I’ll have a go at that process as you suggest, Koz, and report back.

Fortnight’s hols imminent so I may have to do this on my return.

The eyeball is not responsible for the sibilance problem :
excessive-sibilance is present on both the with & without eyeball recordings.

I noticed you mentioned you’re using a a focusrite pre-amp . Some of those focusrite products have real-time voice-processing, including real-time de-essing & compression. It is possible to configure a de-esser to re-ess , i.e. to emphasise sibilance. So If your focusrite pre-amp has real-time processing, it could be responsible for your severe sibilance problem by being accidentally set to re-ess : exaggerating your normal sibilance.

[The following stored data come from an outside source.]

Lemma sharp_pair_total2dom i t :
  total2dom adj (sharp_block (inl i) :|: sharp_block (inr (i, t))).
Proof.
have one_lt3 : 1 < 3 by [].
apply/forallP=> x; apply/card_gt1P; rewrite /nbhd.
case: x => [[j t']|[[[i' j] s]|[l p]]].
- exists (inr (inl (i, j, false))), (inr (inl (i, j, true))).
  by rewrite !inE /= !eqxx; split=> //; apply/eqP=> -[].
- have [->|neq_ji] := eqVneq j i.
    by exists (inl (i, t)), (inr (inr (i, ord0))); rewrite !inE /= !eqxx.
  exists (inr (inr (i, ord0))), (inr (inr (i, Ordinal one_lt3))).
  by rewrite !inE /= !eqxx (eq_sym i) neq_ji; split=> //; apply/eqP=> -[].
- have /card_gt1P[q1 [q2 [+ + neq12]]] : 1 < #|[set~ p]| by rewrite cardsC1 card_ord.
  rewrite !inE => neq1 neq2; exists (inr (inr (i, q1))), (inr (inr (i, q2))).
  rewrite !inE /= !eqxx !xpair_eqE !(eq_sym p) (negbTE neq1) (negbTE neq2) !andbF.
  by split=> //; apply/eqP=> -[eq12]; rewrite eq12 eqxx in neq12.
Qed.

Lemma sharp_block_not_total2dom q : ~~ total2dom adj (sharp_block q).
Proof.
apply/total2domPn; rewrite /deg_in /nbhd; case: q => [i|q].
- exists (inr (inl (i, i, false))).
  rewrite -[leqRHS](cards1 (inr (inr (i, ord0)) : V)); apply: subset_leq_card.
  apply/subsetP=> -[[j t]|[[[i' j] s]|[l p]]]; rewrite !inE ?andbF //=.
  case/andP=> /eqP[->]; rewrite eqxx andbF orbF => /eqP p0.
  by apply/eqP; congr (inr (inr (_, _))); apply: val_inj.
- exists (inl q); case: q => j t; rewrite eq_card0 //.
  by move=> [[j' t']|[[[i j'] s]|[l p]]]; rewrite !inE /= ?andbF.
Qed.

Lemma sharp_coalition i t :
  total2coalition adj (sharp_block (inl i)) (sharp_block (inr (i, t))).
Proof.
rewrite /total2coalition !sharp_block_not_total2dom sharp_pair_total2dom !andbT.
exact: sharp_block_disjoint.
Qed.

Lemma sharp_tc2_partition : 0 < m -> tc2_partition adj sharp_partition.
Proof.
move=> m_gt0; rewrite /tc2_partition sharp_partitionP.
apply/forall_inP=> _ /imsetP[[i|[j t]] _ ->]; apply/exists_inP.
- by exists (sharp_block (inr (i, Ordinal m_gt0))); rewrite ?imset_f ?sharp_coalition.
- exists (sharp_block (inl j)); first exact: imset_f.
  exact/total2coalition_sym/sharp_coalition.
Qed.

Lemma deg_sharp_y j t : deg adj (inl (j, t)) = k.*2.
Proof.
pose x (a : 'I_k * bool) : V := inr (inl (a.1, j, a.2)).
rewrite /deg; have -> : nbhd adj (inl (j, t)) = x @: setT.
  apply/setP=> -[[j' t']|[[[i j'] s]|[l p]]]; rewrite inE /=.
  - by apply/esym/imsetP=> -[].
  - by apply/eqP/imsetP=> [->|[[i' s'] _ [_ -> _]]]; first exists (i, s).
  - by apply/esym/imsetP=> -[].
rewrite card_imset ?cardsT ?card_prod ?card_ord ?card_bool ?muln2 //.
by move=> [i s] [i' s'] [-> ->].
Qed.

Lemma sharp_deg_x_ge i j s : m <= deg adj (inr (inl (i, j, s))).
Proof.
pose y (t : 'I_m) : V := inl (j, t).
have card_y : #|y @: setT| = m by rewrite card_imset ?cardsT ?card_ord // => t t' [->].
rewrite /deg -[leqLHS]card_y; apply/subset_leq_card/subsetP=> _ /imsetP[t _ ->].
by rewrite inE /= eqxx.
Qed.

Lemma sharp_deg_x_le i j s : deg adj (inr (inl (i, j, s))) <= m + k + k.-1.
Proof.
pose y (t : 'I_m) : V := inl (j, t).
pose f (p : 'I_3) (l : 'I_k) : V := inr (inr (l, p)).
have one_lt3 : 1 < 3 by [].
have sub : nbhd adj (inr (inl (i, j, s)))
    \subset y @: setT :|: f ord0 @: setT :|: f (Ordinal one_lt3) @: [set~ j].
  apply/subsetP=> -[[j' t]|[[[i' j'] s']|[l p]]]; rewrite !inE //=.
  - by move=> /eqP <-; rewrite (imset_f y).
  - case/orP=> [/eqP p0|/andP[/eqP p1 neq_lj]].
      have -> : p = ord0 by apply: val_inj.
      by rewrite (imset_f (f ord0)) ?orbT.
    have -> : p = Ordinal one_lt3 by apply: val_inj.
    by rewrite (imset_f (f _)) ?orbT // !inE.
apply: leq_trans (subset_leq_card sub) _.
apply: leq_trans (leq_card_setU _ _) _.
apply: leq_add (leq_trans (leq_card_setU _ _) (leq_add _ _)) _.
all: by rewrite (leq_trans (leq_imset_card _ _)) ?cardsT ?cardsC1 ?card_ord.
Qed.
(* Let $q$ be a prime power and let $n,t,m,m'$ be positive integers. Let $\mathbf{C}_2$ be a linear sum-rank code over $\mathbf{F}_q$ of block length $t$ and matrix size $m\times m'$, with dimension $k_2$ (over $\mathbf{F}_q$) and minimum sum-rank distance $d_2$. Let $\mathbf{C}_1$ be an $[n,k_1,d_1]_{q^{k_2}}$ linear code (in the Hamming metric) over $\mathbf{F}_{q^{k_2}}$. Then there is a linear sum-rank code $\mathbf{C}$ over $\mathbf{F}_q$ of block length $nt$ and matrix size $m\times m'$ whose dimension is $k_1k_2$ and whose minimum sum-rank distance is at least $d_1 d_2$.
   Context: For positive integers $a\le b$, $\mathbf{F}_q^{(a,b)}$ denotes the set of $a\times b$ matrices over $\mathbf{F}_q$. A sum-rank code of block length $t$ and matrix size $m\times m'$ over $\mathbf{F}_q$ is a subset of $\mathbf{F}_q^{(m,m')}\oplus\cdots\oplus\mathbf{F}_q^{(m,m')}$ ($t$ summands); it is linear if it is an $\mathbf{F}_q$-linear subspace, and its dimension is its $\mathbf{F}_q$-dimension. The sum-rank weight of $\mathbf{x}=(\mathbf{x}_1,\dots,\mathbf{x}_t)$ is $\sum_{i=1}^t \mathrm{rank}(\mathbf{x}_i)$, the sum-rank distance is $d_{sr}(\mathbf{x},\mathbf{y})=\sum_i\mathrm{rank}(\mathbf{x}_i-\mathbf{y}_i)$, and the minimum sum-rank distance of a code is the minimum distance between distinct codewords. An $[n,k,d]_Q$ code is a linear code of length $n$, dimension $k$ and minimum Hamming distance $d$ over $\mathbf{F}_Q$. *)

From HB Require Import structures.
From mathcomp Require Import all_boot all_order all_algebra all_field.
Set Implicit Arguments. Unset Strict Implicit. Unset Printing Implicit Defensive.
Import GRing.Theory.
Local Open Scope ring_scope.

Definition srspace (F : fieldType) (t m m' : nat) := {ffun 'I_t -> 'M[F]_(m, m')}.

Definition sr_weight (F : fieldType) (t m m' : nat) (x : srspace F t m m') : nat :=
  (\sum_(i < t) \rank (x i))%N.
Definition sr_dist (F : fieldType) (t m m' : nat) (x y : srspace F t m m') : nat :=
  sr_weight (x - y).

Definition ham_weight (K : fieldType) (n : nat) (x : 'rV[K]_n) : nat :=
  #|[set i : 'I_n | x 0 i != 0]|.
Definition ham_dist (K : fieldType) (n : nat) (x y : 'rV[K]_n) : nat :=
  ham_weight (x - y).

Definition min_dist_is (R : fieldType) (V : vectType R) (dist : V -> V -> nat) (C : {vspace V}) (d : nat) : Prop :=
  (exists x, exists y, [/\ x \in C, y \in C, x != y & dist x y = d]) /\
  (forall x y, x \in C -> y \in C -> x != y -> (d <= dist x y)%N).

Definition min_dist_ge (R : fieldType) (V : vectType R) (dist : V -> V -> nat) (C : {vspace V}) (d : nat) : Prop :=
  forall x y, x \in C -> y \in C -> x != y -> (d <= dist x y)%N.

From HB Require Import structures.
From mathcomp Require Import all_boot all_order all_algebra all_field.
From mathcomp Require Import fingroup cyclic.
Set Implicit Arguments. Unset Strict Implicit. Unset Printing Implicit Defensive.
Import GRing.Theory.
Local Open Scope ring_scope.

(* Since #|K| = q^k2, the field F embeds in K: if a generates F^* and r is the
   minimal polynomial of a over the prime field, then r divides X^#|K| - X, so
   it has a root b in K, and evaluation at b factors through evaluation at a.
   Through this embedding K is an F-space of dimension k2, and an F-basis of K
   gives a semilinear bijection phi from K onto C2.  Applying phi to each of the
   n coordinates of the words of C1 and concatenating the blocks gives an
   F-linear code with #|C1| = q^(k1 k2) words; a nonzero word of C1 has at least
   d1 nonzero coordinates, each contributing sum-rank weight at least d2. *)

Section RmorphFactor.

Variables (A B C : nzRingType) (f : {rmorphism A -> B}) (g : {rmorphism A -> C}).
Hypotheses (f_surj : forall y, exists x, f x = y) (ker_fg : forall x, f x = 0 -> g x = 0).

Let f_surjb y : exists x, f x == y.
Proof. by have [x fx] := f_surj y; exists x; apply/eqP. Qed.

Definition rmorph_factor (y : B) : C := g (xchoose (f_surjb y)).

Lemma rmorph_factorE x : rmorph_factor (f x) = g x.
Proof.
apply/eqP; rewrite -subr_eq0 -rmorphB; apply/eqP/ker_fg.
by rewrite rmorphB (eqP (xchooseP (f_surjb _))) subrr.
Qed.

Lemma rmorph_factor_zmod : zmod_morphism rmorph_factor.
Proof.
move=> y z; have [[x <-] [x' <-]] := (f_surj y, f_surj z).
by rewrite -rmorphB !rmorph_factorE rmorphB.
Qed.

Lemma rmorph_factor_monoid : monoid_morphism rmorph_factor.
Proof.
split=> [|y z]; first by rewrite -(rmorph1 f) rmorph_factorE rmorph1.
have [[x <-] [x' <-]] := (f_surj y, f_surj z).
by rewrite -rmorphM !rmorph_factorE rmorphM.
Qed.

Lemma rmorph_factorP : exists h : {rmorphism B -> C}, forall x, h (f x) = g x.
Proof.
pose h : {rmorphism B -> C} := HB.pack rmorph_factor
  (GRing.isZmodMorphism.Build B C _ rmorph_factor_zmod)
  (GRing.isMonoidMorphism.Build B C _ rmorph_factor_monoid).
by exists h; apply: rmorph_factorE.
Qed.

End RmorphFactor.

Lemma finField_primitive (F : finFieldType) :
  exists a : F, forall x, x != 0 -> exists n, x = a ^+ n.
Proof.
have /cyclicP[u Du] := field_unit_group_cyclic [set: {unit F}]%G.
exists (FinRing.uval u) => x nz_x.
have Ux : x \is a GRing.unit by rewrite unitfE.
have : (Sub x Ux : {unit F}) \in <[u]>%g by rewrite -Du inE.
by case/cycleP=> n Dx; exists n; rewrite -FinRing.val_unitX -Dx.
Qed.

[ A real-time compressor, set to expand, could also exaggerate plosives like “T” & “D” ].
''sitting unnoticed in the window'' , [ ''no eyeball'' ].png

I agree to a degree, but I think that the eyeball exacerbates the problem. To my ear the “S’s” and “T’s” sound more cutting when the eyeball is used. The Rode NT1-A is certainly a “bright” microphone, but the recordings made with the eyeball are really super-super-bright with that huge peak at the top end. The “without eyeball” recordings seem to require much less correction than the “with eyeball” recording, in fact I find the “without eyeball” recording perfectly listenable with just a little Eq to push up the mid and drop the high a little.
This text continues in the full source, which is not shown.